In my long years of demonstrating I have never seen a protest so restrained, so not in need of a permit according to any rational interpretation of the law. Not every police officer - yea, not even every brigadier general - is authorized to declare it illegal. If the police views Friday's demonstration as a criminal act then the democratic right to demonstrate has been destroyed and Jerusalem begins resembling Tehran. Already it is not entirely clear whether what we have is the Israel Police or the Yisrael Beiteinu Police.
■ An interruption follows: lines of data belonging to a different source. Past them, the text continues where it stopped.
Lemma admissibleE T : is_forest T -> [set: I] \in T ->
  forall P, admissible T P <-> partition P [set: I] /\ separated T P.
Proof.
move=> Tf TT P; split=> [[Pp disjS]|[Pp sepP]]; split => //.
  move=> L1 L2 i j k l L1P L2P neL iL1 jL1 kL2 lL2 ij kl; apply/eqP => e.
  have /setP/(_ (hull T [set i; j])) := disjS L1 L2 L1P L2P neL.
  rewrite in_setI in_set0.
  have -> : hull T [set i; j] \in Sset T L1 by apply/(SsetP Tf TT); exists i, j.
  suff -> : hull T [set i; j] \in Sset T L2 by [].
  by apply/(SsetP Tf TT); exists k, l.
move=> L1 L2 L1P L2P neL; apply/setP => C; rewrite in_setI in_set0.
apply/andP => -[/(SsetP Tf TT)[i [j [iL1 jL1 ij ->]]] /(SsetP Tf TT)[k [l [kL2 lL2 kl e]]]].
by move: (sepP L1 L2 i j k l L1P L2P neL iL1 jL1 kL2 lL2 ij kl); rewrite e eqxx.
Qed.

End Admissible.

Section Interval.
Variable I : finType.
Implicit Types (T H P Q : {set {set I}}) (S D L X : {set I}).

Lemma partition_zero : partition (zero_forest I) [set: I].
Proof.
apply/and3P; split.
- rewrite eqEsubset subsetT; apply/subsetP => i _.
  by apply/bigcupP; exists [set i]; rewrite ?imset_f ?set11.
- apply/trivIsetP => _ _ /imsetP[i _ ->] /imsetP[j _ ->] neij.
  by rewrite disjoints1 inE; apply: contraNneq neij => ->.
- by apply/imsetP => -[i _ /setP/(_ i)]; rewrite !inE eqxx.
Qed.

Lemma restrict_zero H : is_forest H -> restrict H (zero_forest I) = zero_forest I.
Proof.
move=> [iH _ _ _]; apply/setP => X; apply/restrictP/imsetP.
  move=> [D [_ [_ /imsetP[i _ ->] eX X0]]]; exists i => //.
  by have := subsetIr D [set i]; rewrite -eX subset1 (negbTE X0) orbF => /eqP.
move=> [i _ ->]; exists [set i], [set i]; rewrite setIid imset_f //; split => //.
by apply/set0Pn; exists i; rewrite set11.
Qed.

Lemma zero_forLe H : is_forest H -> forLe (zero_forest I) H.
Proof.
move=> Hf; have [iH _ _ _] := Hf; rewrite -(restrict_zero Hf).
apply: restrict_forLe; rewrite ?partition_zero //.
- by move=> _ /imsetP[i _ ->]; apply: exists_tree.
- by move=> _ L2 i j k l /imsetP[a _ ->] _ _; rewrite !inE => /eqP-> /eqP->; rewrite eqxx.
Qed.

Lemma restrict_restrict T P Q : partition P [set: I] -> partition Q [set: I] ->
  refines P Q -> restrict (restrict T Q) P = restrict T P.
Proof.
move=> Pp Qp PQ; apply/setP => X; apply/restrictP/restrictP.
  move=> [_ [L [/restrictP[D [M [DT MQ -> _]]] LP eX X0]]]; exists D, L; split => //.
  have [M' M'Q LM'] := PQ L LP; have /set0Pn[x] := X0.
  rewrite eX => /setIP[/setIP[_ xM] xL].
  by rewrite (partition_eq Qp MQ M'Q xM (subsetP LM' x xL)) -setIA (setIidPr LM').
move=> [D [L [DT LP eX X0]]]; have [M MQ LM] := PQ L LP.
exists (D :&: M), L; rewrite -setIA (setIidPr LM); split => //.
apply: mem_restrict => //; apply: subset_neq0 X0.
by rewrite eX setIS.
Qed.

Lemma separated_restrict T P Q : is_forest T -> partition Q [set: I] ->
  refines Q (trees T) -> refines P Q -> separated T P -> separated (restrict T Q) P.
Proof.
move=> Tf Qp QT PQ sepP L1 L2 i j k l L1P L2P neL iL1 jL1 kL2 lL2 ij kl.
have pair_hull L x y : L \in P -> x \in L -> y \in L -> exists M,
    [/\ hull (restrict T Q) [set x; y] = hull T [set x; y] :&: M,
        hull T [set x; y] \in T & [set x; y] \subset M].
  move=> LP xL yL; have [M MQ LM] := PQ L LP.
  have xyM : [set x; y] \subset M by rewrite subUset !sub1set !(subsetP LM).
  have xy0 : [set x; y] != set0 by apply/set0Pn; exists x; rewrite setU11.
  have [D DT MD] := block_cluster QT MQ.
  exists M; split; rewrite ?(hull_restrict Tf Qp QT xy0 MQ xyM) //.
  exact: hull_mem Tf xy0 DT (subset_trans xyM MD).
have [M1 [-> ijT ijM1]] := pair_hull L1 i j L1P iL1 jL1.
have [M2 [-> klT klM2]] := pair_hull L2 k l L2P kL2 lL2.
move: (sepP L1 L2 i j k l L1P L2P neL iL1 jL1 kL2 lL2 ij kl); apply: contraNneq => e.
have ij_kl : [set i; j] \subset hull T [set k; l].
  by apply: subset_trans (subsetIl _ M2); rewrite -e subsetI sub_hull.
have kl_ij : [set k; l] \subset hull T [set i; j].
  by apply: subset_trans (subsetIl _ M1); rewrite e subsetI sub_hull.
by rewrite eqEsubset !hull_min.
Qed.

Lemma refines_tree T P : [set: I] \in T -> refines P (trees T).
Proof.
move=> TT L _; exists [set: I]; rewrite ?subsetT //.
by apply/treesP; split => // D _; rewrite subTset => /eqP.
Qed.

Lemma forLe_of_refines T F G : is_tree_on T -> forLe F T -> forLe G T ->
  refines (trees F) (trees G) -> forLe F G.
Proof.
move=> [Tf TT] FT GT FG; have [Ff _] := FT; have [Gf _] := GT.
have [eF sepF _] := forLe_restrict FT; have [eG _ _] := forLe_restrict GT.
have Fp := partition_trees Ff; have Gp := partition_trees Gf.
rewrite eF -(restrict_restrict T Fp Gp FG) -eG.
apply: restrict_forLe => //; rewrite eG.
apply: (separated_restrict Tf Gp _ FG sepF); exact: refines_tree.
Qed.

End Interval.

Unset Implicit Arguments.

Theorem proposition3p4 (I : finType) (T : {set {set I}}) :
  is_tree_on T ->
  [/\ (forall F, in_interval T F -> admissible T (Pi F)),
      (forall P, admissible T P -> exists F, in_interval T F /\ Pi F = P),
      (forall F G, in_interval T F -> in_interval T G -> Pi F = Pi G -> F = G) &
      (forall F G, in_interval T F -> in_interval T G ->
         (forLe F G <-> refines (Pi F) (Pi G)))].
Proof.
move=> Ttree; have [Tf TT] := Ttree; rewrite /Pi; split.
- move=> F [_ FT]; have [Ff _] := FT; have [_ sepF _] := forLe_restrict FT.
  by apply/(admissibleE Tf TT); split; first exact: partition_trees.
- move=> P /(admissibleE Tf TT)[Pp sepP]; exists (restrict T P).
  split; last exact/trees_restrict/refines_tree.
  split; first exact/zero_forLe/restrict_forest.
  exact/restrict_forLe/sepP/refines_tree.
- move=> F G [_ /forLe_restrict[eF _ _]] [_ /forLe_restrict[eG _ _]] e.
  by rewrite eF eG e.
move=> F G [_ FT] [_ GT]; split; first by case/forLe_restrict.
exact: forLe_of_refines Ttree FT GT.
Qed.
Since leaving active political life I have not attended demonstrations despite repeated requests; after all, there is no shortage of reasons to demonstrate in these parts. I told myself - I've paid my protesting dues, time to make way for the next generation. But Nitzan Horowitz and Ilan Ghilon and Shelly Yachimovich and Daniel Ben Simon are social-welfare-oriented MKs, and the removal of Palestinian families from their homes is not a social-welfare issue.

This time I could not refuse. All citizens, not just public figures, have a duty to resist. And so, on Friday afternoon the retired demonstrators came and filled the little square. The struggle in Sheikh Jarrah isn't over, it's just beginning. More Palestinian families are slated for transfer, and one cannot trust this government, the mayor of Jerusalem or even the city's judges to do the right thing.

When the judges rule in favor of the settlers the latter stop mocking them and celebrate the confirmation of their position; but when they rule against them, they blow them a giant raspberry. Months ago the High Court of Justice ordered the demolition of Beit Yonatan, in the East Jerusalem neighborhood of Silwan, and it is as if it never happened. It's only when they agree with the decision that they follow it.

The cabinet ministers may be unaware that in their folly they are affirming the Palestinian right of return de facto. If Palestinians who have been in their homes since 1948 can be driven out and replaced with Jewish families on the grounds of ownership from time immemorial, then Nasser Gawi can return to his home in Sarafind (Tzrifin), using the same argument. Now Gawi sits in a tent with his large family next to the home in Sheikh Jarrah they were thrown out of. As a two-time refugee he watches the settlers in the rooms that still hold the smell of his family's means - and Sarafind calls to him.

He is not alone: The Arabs of Jerusalem, too, would be glad to return to their homes in the West Jerusalem neighborhoods of Talbieh, Bak'a and Katamon. And don't tell us, prime minister and your cabinet colleagues, that it is not you who are making this dangerous journey from Sheikh Jarrah in Jerusalem to Sheikh Munis, in Ramat Aviv, but rather Irwin Moskowitz and his wife Cherna.